_Exercise aim_: Retype the records below so that each one matches exactly.

· · · · · · ·

(* Let $n\ge2$ and $1\le p\le n-1$. A permutation $\pi\in S_n$ is a $p$-resultant permutation if and only if $\{\pi_1,\dots,\pi_{n-p}\}=\{1,\dots,n-p\}$, i.e. $(\pi_1,\dots,\pi_{n-p})\in S_{n-p}$.
   Context: For $m\ge1$, $1\le p\le m$: sites are $0,\dots,m+1$; a configuration in $\mathcal{S}(m,p)$ places $m+1$ distinct chips labeled $1,\dots,m+1$ with sites $0,m+1$ empty, one chip at each site of $\{1,\dots,m\}\setminus\{p\}$ and two chips at site $p$. Toppling: while some site holds at least two chips, choose such a site $i$ and two chips $\alpha<\beta$ there and move $\alpha$ to $i-1$, $\beta$ to $i+1$. It is known this terminates with at most one chip per site within sites $0,\dots,m+1$ and the final configuration is independent of the choices; reading chip labels left to right gives a permutation in $S_{m+1}$, to which the configuration is said to topple. A permutation $\pi\in S_n$ is $p$-resultant if some configuration in $\mathcal{S}(n-1,p)$ topples to $\pi$. *)

From mathcomp Require Import all_boot all_order all_algebra all_fingroup.
Set Implicit Arguments. Unset Strict Implicit. Unset Printing Implicit Defensive.
Import Order.TTheory GRing.Theory Num.Theory.

(* Chips labeled 1..n are modeled by the ordinals 'I_n (label k+1 <-> k),
   which preserves the order of labels.  A configuration assigns to every
   chip its site (an integer). *)
Definition config (n : nat) := 'I_n -> int.

Definition topple_step (n : nat) (c c' : config n) : Prop :=
  exists a b : 'I_n, (a < b)%N /\ c a = c b /\
    forall k : 'I_n,
      c' k = (if k == a then (c a - 1)%R else if k == b then (c b + 1)%R else c k).
Lemma snoc_tuple t m : exists r, len A r = addN A (len A t) (oneN A) /\
  ind A r (len A t) m /\ forall i m', ltN A i (len A t) -> (ind A t i m' <-> ind A r i m').
Proof. pose proof HA as (_ & _ & _ & _ & _ & _ & H & _); exact (H t m). Qed.

Lemma ind_num_lt_len t n k m : len A t = num n -> ind A t (num k) m -> k < n.
Proof.
  intros Ht Hk; apply ind_lt_len in Hk; rewrite Ht in Hk.
  exact (proj1 (numN_lt_iff PA _ _) Hk).
Qed.

Definition codes (s : list (carrier Mst)) (t : Tsort A) : Prop :=
  len A t = num (length s) /\
  forall k m, ind A t (num k) m <-> nth_error s k = Some m.

Lemma codes_of_prefix s t : len A t = num (length s) ->
  (forall k m, k < length s -> (ind A t (num k) m <-> nth_error s k = Some m)) ->
  codes s t.
Proof.
  intros Ht Hs; split; [exact Ht|]; intros k m.
  destruct (Nat.lt_ge_cases k (length s)) as [Hk | Hk]; [now apply Hs|].
  split; intro H.
  - pose proof (ind_num_lt_len Ht H); lia.
  - apply nth_error_None in Hk; congruence.
Qed.

Lemma codes_snoc s t x r : codes s t ->
  len A r = addN A (len A t) (oneN A) -> ind A r (len A t) x ->
  (forall i m, ltN A i (len A t) -> (ind A t i m <-> ind A r i m)) ->
  codes (s ++ [x]) r.
Proof.
  intros [Ht Hts] Hr Hrx Hrt.
  assert (Hlen : len A r = num (length (s ++ [x])))
    by (rewrite Hr, Ht, length_app, Nat.add_comm; reflexivity).
  apply codes_of_prefix; [exact Hlen|]; intros k m Hk.
  rewrite length_app in Hk; simpl in Hk.
  destruct (Nat.eq_dec k (length s)) as [-> | Hne].
  - rewrite nth_error_app2, Nat.sub_diag by lia; simpl; rewrite Ht in Hrx.
    split; intro H.
    + f_equal; exact (ind_functional Hrx H).
    + injection H as <-; exact Hrx.
  - rewrite nth_error_app1, <- Hts by lia; symmetry; apply Hrt.
    rewrite Ht; apply (numN_lt_mono PA); lia.
Qed.

Lemma codes_exist s : exists t, codes s t.
Proof.
  induction s as [|x s [t Ht]] using rev_ind.
  - destruct empty_tuple as [t Ht]; exists t.
    apply codes_of_prefix; [exact Ht | simpl; lia].
  - destruct (snoc_tuple t x) as (r & Hr & Hrx & Hrt).
    exists r; exact (codes_snoc Ht Hr Hrx Hrt).
Qed.

Lemma codes_unique s t r : codes s t -> codes s r -> t = r.
Proof.
  intros [Ht Hts] [Hr Hrs]; apply tuple_ext; [congruence|]; intros i Hi.
  rewrite Ht in Hi; destruct (numN_initial_segment PA Hi) as [k ->].
  apply (numN_lt_iff PA) in Hi; apply nth_error_Some in Hi.
  destruct (nth_error s k) as [m|] eqn:Hk; [|contradiction].
  exists m; rewrite Hts, Hrs; auto.
Qed.

Lemma codes_inj s s' t : codes s t -> codes s' t -> s = s'.
Proof.
  intros [_ Hs] [_ Hs']; apply nth_error_ext; intro k.
  destruct (nth_error s k) as [m|] eqn:Hk.
  - symmetry; apply Hs', Hs, Hk.
  - destruct (nth_error s' k) as [m|] eqn:Hk'; [|reflexivity].
    apply Hs', Hs in Hk'; congruence.
Qed.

· · · · · · ·

_Answer to this task_:
(* Let $n\ge2$ and $1\le p\le n-1$. A permutation $\pi\in S_n$ is a $p$-resultant permutation if and only if $\{\pi_1,\dots,\pi_{n-p}\}=\{1,\dots,n-p\}$, i.e. $(\pi_1,\dots,\pi_{n-p})\in S_{n-p}$.
   Context: For $m\ge1$, $1\le p\le m$: sites are $0,\dots,m+1$; a configuration in $\mathcal{S}(m,p)$ places $m+1$ distinct chips labeled $1,\dots,m+1$ with sites $0,m+1$ empty, one chip at each site of $\{1,\dots,m\}\setminus\{p\}$ and two chips at site $p$. Toppling: while some site holds at least two chips, choose such a site $i$ and two chips $\alpha<\beta$ there and move $\alpha$ to $i-1$, $\beta$ to $i+1$. It is known this terminates with at most one chip per site within sites $0,\dots,m+1$ and the final configuration is independent of the choices; reading chip labels left to right gives a permutation in $S_{m+1}$, to which the configuration is said to topple. A permutation $\pi\in S_n$ is $p$-resultant if some configuration in $\mathcal{S}(n-1,p)$ topples to $\pi$. *)

From mathcomp Require Import all_boot all_order all_algebra all_fingroup.
Set Implicit Arguments. Unset Strict Implicit. Unset Printing Implicit Defensive.
Import Order.TTheory GRing.Theory Num.Theory.

(* Chips labeled 1..n are modeled by the ordinals 'I_n (label k+1 <-> k),
   which preserves the order of labels.  A configuration assigns to every
   chip its site (an integer). *)
Definition config (n : nat) := 'I_n -> int.

Definition topple_step (n : nat) (c c' : config n) : Prop :=
  exists a b : 'I_n, (a < b)%N /\ c a = c b /\
    forall k : 'I_n,
      c' k = (if k == a then (c a - 1)%R else if k == b then (c b + 1)%R else c k).
Lemma snoc_tuple t m : exists r, len A r = addN A (len A t) (oneN A) /\
  ind A r (len A t) m /\ forall i m', ltN A i (len A t) -> (ind A t i m' <-> ind A r i m').
Proof. pose proof HA as (_ & _ & _ & _ & _ & _ & H & _); exact (H t m). Qed.

Lemma ind_num_lt_len t n k m : len A t = num n -> ind A t (num k) m -> k < n.
Proof.
  intros Ht Hk; apply ind_lt_len in Hk; rewrite Ht in Hk.
  exact (proj1 (numN_lt_iff PA _ _) Hk).
Qed.

Definition codes (s : list (carrier Mst)) (t : Tsort A) : Prop :=
  len A t = num (length s) /\
  forall k m, ind A t (num k) m <-> nth_error s k = Some m.

Lemma codes_of_prefix s t : len A t = num (length s) ->
  (forall k m, k < length s -> (ind A t (num k) m <-> nth_error s k = Some m)) ->
  codes s t.
Proof.
  intros Ht Hs; split; [exact Ht|]; intros k m.
  destruct (Nat.lt_ge_cases k (length s)) as [Hk | Hk]; [now apply Hs|].
  split; intro H.
  - pose proof (ind_num_lt_len Ht H); lia.
  - apply nth_error_None in Hk; congruence.
Qed.

Lemma codes_snoc s t x r : codes s t ->
  len A r = addN A (len A t) (oneN A) -> ind A r (len A t) x ->
  (forall i m, ltN A i (len A t) -> (ind A t i m <-> ind A r i m)) ->
  codes (s ++ [x]) r.
Proof.
  intros [Ht Hts] Hr Hrx Hrt.
  assert (Hlen : len A r = num (length (s ++ [x])))
    by (rewrite Hr, Ht, length_app, Nat.add_comm; reflexivity).
  apply codes_of_prefix; [exact Hlen|]; intros k m Hk.
  rewrite length_app in Hk; simpl in Hk.
  destruct (Nat.eq_dec k (length s)) as [-> | Hne].
  - rewrite nth_error_app2, Nat.sub_diag by lia; simpl; rewrite Ht in Hrx.
    split; intro H.
    + f_equal; exact (ind_functional Hrx H).
    + injection H as <-; exact Hrx.
  - rewrite nth_error_app1, <- Hts by lia; symmetry; apply Hrt.
    rewrite Ht; apply (numN_lt_mono PA); lia.
Qed.

Lemma codes_exist s : exists t, codes s t.
Proof.
  induction s as [|x s [t Ht]] using rev_ind.
  - destruct empty_tuple as [t Ht]; exists t.
    apply codes_of_prefix; [exact Ht | simpl; lia].
  - destruct (snoc_tuple t x) as (r & Hr & Hrx & Hrt).
    exists r; exact (codes_snoc Ht Hr Hrx Hrt).
Qed.

Lemma codes_unique s t r : codes s t -> codes s r -> t = r.
Proof.
  intros [Ht Hts] [Hr Hrs]; apply tuple_ext; [congruence|]; intros i Hi.
  rewrite Ht in Hi; destruct (numN_initial_segment PA Hi) as [k ->].
  apply (numN_lt_iff PA) in Hi; apply nth_error_Some in Hi.
  destruct (nth_error s k) as [m|] eqn:Hk; [|contradiction].
  exists m; rewrite Hts, Hrs; auto.
Qed.

Lemma codes_inj s s' t : codes s t -> codes s' t -> s = s'.
Proof.
  intros [_ Hs] [_ Hs']; apply nth_error_ext; intro k.
  destruct (nth_error s k) as [m|] eqn:Hk.
  - symmetry; apply Hs', Hs, Hk.
  - destruct (nth_error s' k) as [m|] eqn:Hk'; [|reflexivity].
    apply Hs', Hs in Hk'; congruence.
Qed.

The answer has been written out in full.